XML 40 R29.htm IDEA: XBRL DOCUMENT v3.20.2
Subsequent Events
3 Months Ended
Mar. 31, 2020
Subsequent Events  
Subsequent Events

22. Subsequent Events:

 

On May 5, 2020, a lawsuit styled Schulze v. Hallmark Financial Services, Inc., et. al (Case No. 3:20-cv-01130) was filed in the U.S. District Court for the Northern District of Texas, Dallas Division.  The Company, its Chief Executive Officer and its Chief Financial Officer are named defendants in the lawsuit brought on behalf of a putative class of shareholders who acquired Hallmark securities between March 5, 2019 and March 17, 2020. In general, the complaint alleges that the defendants violated the Securities Exchange Act of 1934 by failing to disclose that (a) the Company lacked effective internal controls over financial reporting related to its reserves for unpaid losses, (b) the Company improperly accounted for reserves for unpaid losses, (c) the Company would be forced to report $63.8 million of prior year net adverse loss development, (d) the Company would exit the contract binding line of its commercial automobile primary insurance business, and (e) the defendants’ positive statements about the Company’s business, operations and prospects were materially misleading and/or lacked a reasonable basis. Defendants’ responsive pleading is not yet due and has not been filed. The litigation is in its initial stages and we are unable to reasonably predict its potential outcome. The Company, however, believes that the lawsuit is without merit and intends to vigorously defend the claims. The Company’s current policy is to expense legal costs as incurred.

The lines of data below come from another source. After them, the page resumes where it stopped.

(* Let $\mathsf{L}$ be a Kripke complete extension of $\mathsf{MIPC}$. Then $\tau\mathsf{L}=\mathsf{MS4}+\{\varphi^t:\mathsf{L}\vdash\varphi\}$ is a modal companion of $\mathsf{L}$, i.e., for every formula $\varphi$ of $\mathcal{L}_{\forall\exists}$, $\mathsf{L}\vdash\varphi$ iff $\tau\mathsf{L}\vdash\varphi^t$.
   Context: $\mathsf{MIPC}$ is the smallest set of formulas in the bimodal language $\mathcal{L}_{\forall\exists}$ containing all theorems of $\mathsf{IPC}$; $\forall(p\wedge q)\leftrightarrow(\forall p\wedge\forall q)$, $\forall p\to p$, $\forall p\to\forall\forall p$; $\exists(p\vee q)\leftrightarrow(\exists p\vee\exists q)$, $p\to\exists p$, $\exists\exists p\to\exists p$, $(\exists p\wedge\exists q)\to\exists(\exists p\wedge q)$; $\exists\forall p\to\forall p$, $\exists p\to\forall\exists p$; closed under modus ponens, substitution and $\varphi/\forall\varphi$; extensions are supersets closed under these rules. An $\mathsf{MIPC}$-frame is $(X,R,Q)$ with $R$ a partial order, $Q$ a quasi-order, $R\subseteq Q$, and $xQy$ implying $\exists z$ with $xRz$ and $zE_Qy$, where $xE_Qy$ iff $xQy$ and $yQx$. Valuations assign $R$-upsets to letters; intuitionistic connectives are interpreted as usual via $R$; $x\vDash\forall\varphi$ iff every $y$ with $xQy$ satisfies $\varphi$; $x\vDash\exists\varphi$ iff some $y$ with $xE_Qy$ satisfies $\varphi$. $\mathsf{L}$ is Kripke complete if it equals the set of formulas valid on all $\mathsf{MIPC}$-frames validating $\mathsf{L}$. $\mathsf{MS4}$ is the smallest set of formulas in the classical bimodal language $\mathcal{L}_{\Box\forall}$ containing all classical tautologies, the $\mathsf{S4}$ axioms for $\Box$, the $\mathsf{S5}$ axioms for $\forall$, and $\Box\forall p\to\forall\Box p$, closed under modus ponens, substitution, $\Box$- and $\forall$-necessitation. Gödel translation: $\bot^t=\bot$, $p^t=\Box p$, $(\varphi\wedge\psi)^t=\varphi^t\wedge\psi^t$, $(\varphi\vee\psi)^t=\varphi^t\vee\psi^t$, $(\varphi\to\psi)^t=\Box(\neg\varphi^t\vee\psi^t)$, $(\forall\varphi)^t=\Box\forall\varphi^t$, $(\exists\varphi)^t=\neg\forall\neg\varphi^t$. *)

From Stdlib Require Import Arith.

Inductive iform : Type :=
| IVar : nat -> iform
| IBot : iform
| IAnd : iform -> iform -> iform
| IOr  : iform -> iform -> iform
| IImp : iform -> iform -> iform
| IAll : iform -> iform
| IEx  : iform -> iform.

Definition IIff (a b : iform) : iform := IAnd (IImp a b) (IImp b a).

Fixpoint isubst (s : nat -> iform) (f : iform) : iform :=
  match f with
  | IVar n => s n
  | IBot => IBot
  | IAnd a b => IAnd (isubst s a) (isubst s b)
  | IOr a b => IOr (isubst s a) (isubst s b)
  | IImp a b => IImp (isubst s a) (isubst s b)
  | IAll a => IAll (isubst s a)
  | IEx a => IEx (isubst s a)
  end.

Fixpoint iprop (f : iform) : Prop :=
  match f with
  | IVar _ | IBot => True
  | IAnd a b | IOr a b | IImp a b => iprop a /\ iprop b
  | IAll _ | IEx _ => False
  end.

Inductive IPC : iform -> Prop :=
| ipc_k  : forall a b, IPC (IImp a (IImp b a))
| ipc_s  : forall a b c,
    IPC (IImp (IImp a (IImp b c)) (IImp (IImp a b) (IImp a c)))
| ipc_andl : forall a b, IPC (IImp (IAnd a b) a)
| ipc_andr : forall a b, IPC (IImp (IAnd a b) b)
| ipc_andi : forall a b, IPC (IImp a (IImp b (IAnd a b)))
| ipc_orl  : forall a b, IPC (IImp a (IOr a b))
| ipc_orr  : forall a b, IPC (IImp b (IOr a b))
| ipc_ore  : forall a b c,
    IPC (IImp (IImp a c) (IImp (IImp b c) (IImp (IOr a b) c)))
| ipc_efq  : forall a, IPC (IImp IBot a)
| ipc_mp   : forall a b, IPC (IImp a b) -> IPC a -> IPC b.

Definition IPC_thm (f : iform) : Prop := iprop f /\ IPC f.

Definition p0 := IVar 0.
Definition q0 := IVar 1.

Inductive MIPC_ax : iform -> Prop :=
| ax_all_and : MIPC_ax (IIff (IAll (IAnd p0 q0)) (IAnd (IAll p0) (IAll q0)))
| ax_all_T   : MIPC_ax (IImp (IAll p0) p0)
| ax_all_4   : MIPC_ax (IImp (IAll p0) (IAll (IAll p0)))
| ax_ex_or   : MIPC_ax (IIff (IEx (IOr p0 q0)) (IOr (IEx p0) (IEx q0)))
| ax_ex_T    : MIPC_ax (IImp p0 (IEx p0))
| ax_ex_4    : MIPC_ax (IImp (IEx (IEx p0)) (IEx p0))
| ax_ex_and  : MIPC_ax (IImp (IAnd (IEx p0) (IEx q0)) (IEx (IAnd (IEx p0) q0)))
| ax_ex_all  : MIPC_ax (IImp (IEx (IAll p0)) (IAll p0))
| ax_ex_B    : MIPC_ax (IImp (IEx p0) (IAll (IEx p0))).

Inductive MIPC : iform -> Prop :=
| mipc_ipc : forall f, IPC_thm f -> MIPC f
| mipc_ax  : forall f, MIPC_ax f -> MIPC f
| mipc_mp  : forall a b, MIPC (IImp a b) -> MIPC a -> MIPC b
| mipc_sub : forall s f, MIPC f -> MIPC (isubst s f)
| mipc_gen : forall f, MIPC f -> MIPC (IAll f).

Definition MIPC_extension (L : iform -> Prop) : Prop :=
  (forall f, MIPC f -> L f) /\
  (forall a b, L (IImp a b) -> L a -> L b) /\
  (forall s f, L f -> L (isubst s f)) /\
  (forall f, L f -> L (IAll f)).

Definition EQ {X : Type} (Q : X -> X -> Prop) (x y : X) : Prop := Q x y /\ Q y x.

Definition MIPC_frame {X : Type} (R Q : X -> X -> Prop) : Prop :=
  (forall x, R x x) /\ (forall x y z, R x y -> R y z -> R x z) /\
  (forall x y, R x y -> R y x -> x = y) /\
  (forall x, Q x x) /\ (forall x y z, Q x y -> Q y z -> Q x z) /\
  (forall x y, R x y -> Q x y) /\
  (forall x y, Q x y -> exists z, R x z /\ EQ Q z y).

Fixpoint isat {X : Type} (R Q : X -> X -> Prop) (V : nat -> X -> Prop)
  (x : X) (f : iform) : Prop :=
  match f with
  | IVar n => V n x
  | IBot => False
  | IAnd a b => isat R Q V x a /\ isat R Q V x b
  | IOr a b => isat R Q V x a \/ isat R Q V x b
  | IImp a b => forall y, R x y -> isat R Q V y a -> isat R Q V y b
  | IAll a => forall y, Q x y -> isat R Q V y a
  | IEx a => exists y, EQ Q x y /\ isat R Q V y a
  end.

Definition upset_valuation {X : Type} (R : X -> X -> Prop) (V : nat -> X -> Prop) :=
  forall n x y, R x y -> V n x -> V n y.

Definition frame_valid {X : Type} (R Q : X -> X -> Prop) (f : iform) : Prop :=
  forall V, upset_valuation R V -> forall x, isat R Q V x f.

Definition frame_validates {X : Type} (R Q : X -> X -> Prop) (L : iform -> Prop) :=
  forall f, L f -> frame_valid R Q f.

Definition Kripke_complete (L : iform -> Prop) : Prop :=
  forall f, L f <->
    (forall (X : Type) (R Q : X -> X -> Prop),
        MIPC_frame R Q -> frame_validates R Q L -> frame_valid R Q f).

Inductive mform : Type :=
| MVar : nat -> mform
| MBot : mform
| MAnd : mform -> mform -> mform
| MOr  : mform -> mform -> mform
| MImp : mform -> mform -> mform
| MBox : mform -> mform
| MAll : mform -> mform.

Definition MNeg (a : mform) : mform := MImp a MBot.

Fixpoint msubst (s : nat -> mform) (f : mform) : mform :=
  match f with
  | MVar n => s n
  | MBot => MBot
  | MAnd a b => MAnd (msubst s a) (msubst s b)
  | MOr a b => MOr (msubst s a) (msubst s b)
  | MImp a b => MImp (msubst s a) (msubst s b)
  | MBox a => MBox (msubst s a)
  | MAll a => MAll (msubst s a)
  end.

Fixpoint mprop (f : mform) : Prop :=
  match f with
  | MVar _ | MBot => True
  | MAnd a b | MOr a b | MImp a b => mprop a /\ mprop b
  | MBox _ | MAll _ => False
  end.

Fixpoint beval (v : nat -> bool) (f : mform) : bool :=
  match f with
  | MVar n => v n
  | MBot => false
  | MAnd a b => beval v a && beval v b
  | MOr a b => beval v a || beval v b
  | MImp a b => implb (beval v a) (beval v b)
  | MBox a => beval v a   (* irrelevant: only used on modality-free formulas *)
  | MAll a => beval v a
  end.

Definition tautology (f : mform) : Prop := mprop f /\ forall v, beval v f = true.

Definition mp0 := MVar 0.
Definition mq0 := MVar 1.

Inductive MS4_ax : mform -> Prop :=
| ms4_box_K : MS4_ax (MImp (MBox (MImp mp0 mq0)) (MImp (MBox mp0) (MBox mq0)))
| ms4_box_T : MS4_ax (MImp (MBox mp0) mp0)
| ms4_box_4 : MS4_ax (MImp (MBox mp0) (MBox (MBox mp0)))
| ms4_all_K : MS4_ax (MImp (MAll (MImp mp0 mq0)) (MImp (MAll mp0) (MAll mq0)))
| ms4_all_T : MS4_ax (MImp (MAll mp0) mp0)
| ms4_all_5 : MS4_ax (MImp (MNeg (MAll mp0)) (MAll (MNeg (MAll mp0))))
| ms4_lt    : MS4_ax (MImp (MBox (MAll mp0)) (MAll (MBox mp0))).

Inductive MS4plus (Gamma : mform -> Prop) : mform -> Prop :=
| ms4_taut : forall f, tautology f -> MS4plus Gamma f
| ms4_ax   : forall f, MS4_ax f -> MS4plus Gamma f
| ms4_hyp  : forall f, Gamma f -> MS4plus Gamma f
| ms4_mp   : forall a b, MS4plus Gamma (MImp a b) -> MS4plus Gamma a -> MS4plus Gamma b
| ms4_sub  : forall s f, MS4plus Gamma f -> MS4plus Gamma (msubst s f)
| ms4_nbox : forall f, MS4plus Gamma f -> MS4plus Gamma (MBox f)
| ms4_nall : forall f, MS4plus Gamma f -> MS4plus Gamma (MAll f).

Definition MS4 : mform -> Prop := MS4plus (fun _ => False).

Fixpoint godel (f : iform) : mform :=
  match f with
  | IVar n => MBox (MVar n)
  | IBot => MBot
  | IAnd a b => MAnd (godel a) (godel b)
  | IOr a b => MOr (godel a) (godel b)
  | IImp a b => MBox (MOr (MNeg (godel a)) (godel b))
  | IAll a => MBox (MAll (godel a))
  | IEx a => MNeg (MAll (MNeg (godel a)))
  end.

Definition tauL (L : iform -> Prop) : mform -> Prop :=
  MS4plus (fun g => exists f, L f /\ g = godel f).

(** An MIPC-frame (X, R, Q) is also a Kripke frame for MS4, reading [□] along
    R and the classical [∀] along the equivalence E_Q.  On such a frame the
    Gödel translation of φ holds at x under a valuation U exactly when φ holds
    at x under the R-interior of U, which is an upset.  Hence every theorem of
    τL is true in every model on a frame for L, so φ^t ∈ τL makes φ valid on
    all frames for L (for an upset valuation the interior changes nothing),
    and Kripke completeness gives L ⊢ φ. *)

From Stdlib Require Import Classical ClassicalEpsilon.

Section FrameSemantics.

Context {X : Type} (R Q : X -> X -> Prop).

Fixpoint msat (U : nat -> X -> Prop) (x : X) (f : mform) : Prop :=
  match f with
  | MVar n => U n x
  | MBot => False
  | MAnd a b => msat U x a /\ msat U x b
  | MOr a b => msat U x a \/ msat U x b
  | MImp a b => msat U x a -> msat U x b
  | MBox a => forall y, R x y -> msat U y a
  | MAll a => forall y, EQ Q x y -> msat U y a
  end.

Definition interior (U : nat -> X -> Prop) (n : nat) (x : X) : Prop :=
  forall y, R x y -> U n y.

Lemma msat_msubst s f U x :
  msat U x (msubst s f) <-> msat (fun n y => msat U y (s n)) x f.
Proof.
  revert x; induction f as [n| |a IHa b IHb|a IHa b IHb|a IHa b IHb|a IHa|a IHa];
    intros x; simpl; try tauto.
  - rewrite IHa, IHb; tauto.
  - rewrite IHa, IHb; tauto.
  - rewrite IHa, IHb; tauto.
  - split; intros H y Hy; apply IHa; auto.
  - split; intros H y Hy; apply IHa; auto.
Qed.

Lemma isat_ext (V V' : nat -> X -> Prop) :
  (forall n y, V n y <-> V' n y) -> forall f x, isat R Q V x f <-> isat R Q V' x f.
Proof.
  intros HV f; induction f as [n| |a IHa b IHb|a IHa b IHb|a IHa b IHb|a IHa|a IHa];
    intros x; simpl; try tauto.
  - apply HV.
  - rewrite IHa, IHb; tauto.
  - rewrite IHa, IHb; tauto.
  - split; intros H y Hy; [rewrite <- IHa, <- IHb | rewrite IHa, IHb]; auto.
  - split; intros H y Hy; [rewrite <- IHa | rewrite IHa]; auto.
  - split; intros [y [Hxy Hy]]; exists y; split; auto; [rewrite <- IHa | rewrite IHa]; auto.
Qed.

Lemma msat_tautology f U x : tautology f -> msat U x f.
Proof.
  intros [Hprop Htrue].
  set (v n := if excluded_middle_informative (U n x) then true else false).
  assert (Hv : forall n, v n = true <-> U n x).
  { intro n; unfold v; destruct (excluded_middle_informative (U n x));
      split; congruence || tauto. }
  enough (Hf : msat U x f <-> beval v f = true) by (apply Hf, Htrue).
  clear Htrue; induction f as [n| |a IHa b IHb|a IHa b IHb|a IHa b IHb|a IHa|a IHa];
    simpl in *; try tauto.
  - symmetry; apply Hv.
  - split; [tauto | discriminate].
  - destruct Hprop as [Ha Hb]; rewrite (IHa Ha), (IHb Hb).
    destruct (beval v a), (beval v b); simpl; intuition congruence.
  - destruct Hprop as [Ha Hb]; rewrite (IHa Ha), (IHb Hb).
    destruct (beval v a), (beval v b); simpl; intuition congruence.
  - destruct Hprop as [Ha Hb]; rewrite (IHa Ha), (IHb Hb).
    destruct (beval v a), (beval v b); simpl; intuition congruence.
Qed.

Hypothesis frame : MIPC_frame R Q.

Lemma EQ_refl x : EQ Q x x.
Proof. destruct frame as (_ & _ & _ & Qrefl & _); split; auto. Qed.

Lemma EQ_euclid x y z : EQ Q x y -> EQ Q x z -> EQ Q y z.
Proof.
  destruct frame as (_ & _ & _ & _ & Qtrans & _).
  intros [Hxy Hyx] [Hxz Hzx]; split; eauto.
Qed.

Lemma msat_MS4_ax f U x : MS4_ax f -> msat U x f.
Proof.
  destruct frame as (Rrefl & Rtrans & _ & _ & Qtrans & RQ & Qfactor).
  intros []; simpl; eauto.
  - intros H; apply H, EQ_refl.
  - intros H y Hxy Hneg. apply H; intros w Hxw. apply Hneg, (EQ_euclid x); auto.
  - intros H y [Hxy Hyx] w Hyw.
    assert (Hxw : Q x w) by eauto.
    destruct (Qfactor x w Hxw) as [z [Hxz Hzw]].
    apply (H z Hxz w Hzw).
Qed.

Lemma msat_godel f U x :
  msat U x (godel f) <-> isat R Q (interior U) x f.
Proof.
  destruct frame as (_ & _ & _ & _ & Qtrans & RQ & Qfactor).
  revert x; induction f as [n| |a IHa b IHb|a IHa b IHb|a IHa b IHb|a IHa|a IHa];
    intros x; simpl; try tauto.
  - rewrite IHa, IHb; tauto.
  - rewrite IHa, IHb; tauto.
  - split; intros H y Hxy.
    + rewrite <- IHa, <- IHb; destruct (H y Hxy); tauto.
    + rewrite IHa, IHb; apply imply_to_or, H, Hxy.
  - split.
    + intros H z Hxz; destruct (Qfactor x z Hxz) as [w [Hxw Hwz]].
      rewrite <- IHa; apply (H w Hxw z Hwz).
    + intros H y Hxy z [Hyz Hzy]; rewrite IHa; apply H; eauto.
  - split.
    + intros H; apply NNPP; intro Hnone; apply H; intros y Hxy Hy.
      apply Hnone; exists y; split; auto; rewrite <- IHa; auto.
    + intros [y [Hxy Hy]] H; apply (H y Hxy); rewrite IHa; auto.
Qed.

Lemma interior_upset_valuation U : upset_valuation R (interior U).
Proof.
  destruct frame as (_ & Rtrans & _).
  intros n x y Hxy Hx z Hyz; apply Hx; eauto.
Qed.

Lemma interior_upset V : upset_valuation R V -> forall n x, interior V n x <-> V n x.
Proof.
  destruct frame as (Rrefl & _).
  intros HV n x; split; [intros H; apply H, Rrefl | intros Hx y Hxy; apply (HV n x); auto].
Qed.

Lemma tauL_sound L : frame_validates R Q L -> forall g, tauL L g -> forall U x, msat U x g.
Proof.
  intros HL g Hg; induction Hg as [f Hf|f Hf|f Hf|a b _ IHab _ IHa|s f _ IHf|f _ IHf|f _ IHf];
    intros U x; simpl.
  - apply msat_tautology, Hf.
  - apply msat_MS4_ax, Hf.
  - destruct Hf as [f0 [Hf0 ->]]; apply msat_godel, (HL f0 Hf0), interior_upset_valuation.
  - apply (IHab U x), IHa.
  - apply msat_msubst, IHf.
  - intros; apply IHf.
  - intros; apply IHf.
Qed.

End FrameSemantics.

(* Kripke completeness alone yields the converse. *)
Theorem proposition3p9 (L : iform -> Prop) :
  MIPC_extension L -> Kripke_complete L ->
  forall phi : iform, L phi <-> tauL L (godel phi).
Proof.
  intros _ Hcomplete phi; split.
  - intro Hphi; apply ms4_hyp; exists phi; auto.
  - intro Htau; apply Hcomplete; intros X R Q frame HL V HV x.
    apply (isat_ext R Q (interior R V)).
    + apply (interior_upset R Q frame), HV.
    + apply (msat_godel R Q frame), (tauL_sound R Q frame L HL _ Htau).
Qed.
Lemma subst_lettersE L (f : elt) w : uniq [seq x.1.1 | x <- L] ->
  subst_letters L f w = if nths_match L w then f (set_nths L w) else 0.
Proof.
elim: L w => [|x L IH] w //= /andP [x_L L_uniq].
rewrite {1}/subst_letter; case: ifP => //= /andP [x_lt x_nth]; rewrite IH //.
rewrite (_ : nths_match L (set_nth 0 w x.1.1 x.2) = nths_match L w) //.
apply: eq_in_all => y y_L /=; rewrite size_set_nth_lt // nth_set_nth /=.
case: (y.1.1 =P x.1.1) => // e; case/negP: x_L; rewrite -e; exact: map_f.
Qed.

Lemma subst_letters_linear L : linear_op (subst_letters L).
Proof.
elim: L => [|x L IH] //=.
exact: (linear_op_comp (subst_letter_linear x.1.1 x.1.2 x.2) IH).
Qed.

Lemma Bgen_subst_letters j L (g : elt) :
  (forall x, x \in L -> forall m q, (q <= j)%N -> x.1.1 != (m * Nj j + (3 ^ q * Mj j).-1)%N) ->
  Bgen j g -> Bgen j (subst_letters L g).
Proof.
elim: L => [|x L IH] //= L_off g_gen; apply: Bgen_subst_letter; first by apply: L_off; rewrite inE eqxx.
by apply: IH => // y y_L; apply: L_off; rewrite inE y_L orbT.
Qed.

End SubstLetters.

(** * Relabelling the letters of E by a permutation *)

Section Relabel.
Variable k : nat.
Implicit Types (rho : {perm 'I_k.+1}) (i : 'I_k.+1).

Definition relabel_list rho : seq (nat * nat * nat) :=
  [seq (Epos i, cc k i, cc k (rho i)) | i <- enum 'I_k.+1].

Definition relabel rho (w : seq nat) : seq nat := set_nths (relabel_list rho) w.

Lemma EposE i : Epos i = (3 ^ i * Mj k).-1.
Proof. by rewrite /Epos ccS // -ltnS. Qed.

Lemma Epos_inj : injective (@Epos k).
Proof.
move=> i j; rewrite !EposE => e.
have := special_gt0 k i; have := special_gt0 k j => ? ?.
have /eqP : 3 ^ i * Mj k = 3 ^ j * Mj k by lia.
by rewrite eqn_pmul2r ?Mj_gt0 // eqn_exp2l // => /eqP/val_inj.
Qed.

Lemma relabel_list_positions rho :
  [seq x.1.1 | x <- relabel_list rho] = [seq Epos i | i <- enum 'I_k.+1].
Proof. by rewrite -map_comp. Qed.

Lemma relabel_list_uniq rho : uniq [seq x.1.1 | x <- relabel_list rho].
Proof. by rewrite relabel_list_positions map_inj_uniq ?enum_uniq //; exact: Epos_inj. Qed.

Lemma nths_match_relabel rho w : nths_match (relabel_list rho) w = nths_match (relabel_list 1) w.
Proof. by rewrite /nths_match !all_map; apply: eq_all. Qed.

Historically, the Company has not carried director and officer liability insurance and does not currently hold such a policy.

 

On July 16, 2020, five of the property/casualty insurance subsidiaries of Hallmark, American Hallmark Insurance Company of Texas, Hallmark Specialty Insurance Company, Hallmark Insurance Company, Hallmark County Mutual Insurance Company and Hallmark National Insurance Company (collectively, the “Hallmark Insurers”), entered into a Loss Portfolio Transfer Reinsurance Contract effective as of January 1, 2020 (the “LPT Contract”) with DARAG Bermuda Ltd. (“DARAG Bermuda”) and DARAG Insurance (Guernsey) Limited (“DARAG Guernsey” and, collectively with DARAG Bermuda, the “Reinsurers”).  The LPT Contract is anticipated to close on or before August 31, 2020, subject to regulatory approval and other customary closing conditions.

 

Pursuant to the LPT Contract, (a) the Hallmark Insurers will  cede to the Reinsurers all existing and future claims for losses occurring on or prior to December 31, 2019 on the binding primary commercial automobile liability insurance policies and the brokerage primary commercial automobile liability insurance policies issued by the Hallmark Insurers (the “Subject Business”) up to an aggregate limit of $240.0 million, with (i) the first layer of $151.2 million in reinsurance provided by DARAG Bermuda, (ii) the Hallmark Insurers retaining a loss corridor of the next $24.9 million in losses on the Subject Business, (iii) DARAG Bermuda reinsuring a second layer of $27.8 million above the first layer and the Hallmark Insurers’ loss corridor, and (iv) DARAG Guernsey reinsuring the top layer of $36.1 million in losses on the Subject Business, in each case net of third-party reinsurance and other recoveries; (b) the Hallmark Insurers will continue to manage and retain the benefit of other third-party reinsurance on the Subject Business; (c) the Hallmark Insurers will pay the Reinsurers a reinsurance premium calculated as $172.9 million less net claims paid prior to the closing date on the subject business; and (d) at closing, the parties will enter into a Trust Agreement and a Services Agreement, the forms of which are exhibits to the LPT Contract .  Pursuant to the LPT Contract and the Trust Agreement, the Reinsurers will initially deposit into a collateral trust account as security for the Reinsurers’ obligations to the Hallmark Insurers the sum of $179.0 million less losses paid from January 1, 2020 through the closing date, which amount is subject to subsequent adjustment to be not less than 120% of the Hallmark Insurers’ net reserves on the Subject Business less any amounts due from third-party reinsurers.  Pursuant to the LPT Contract and the Services Agreement, the Reinsurers will assume responsibility for certain administrative services, including claims handling, for the Subject Business.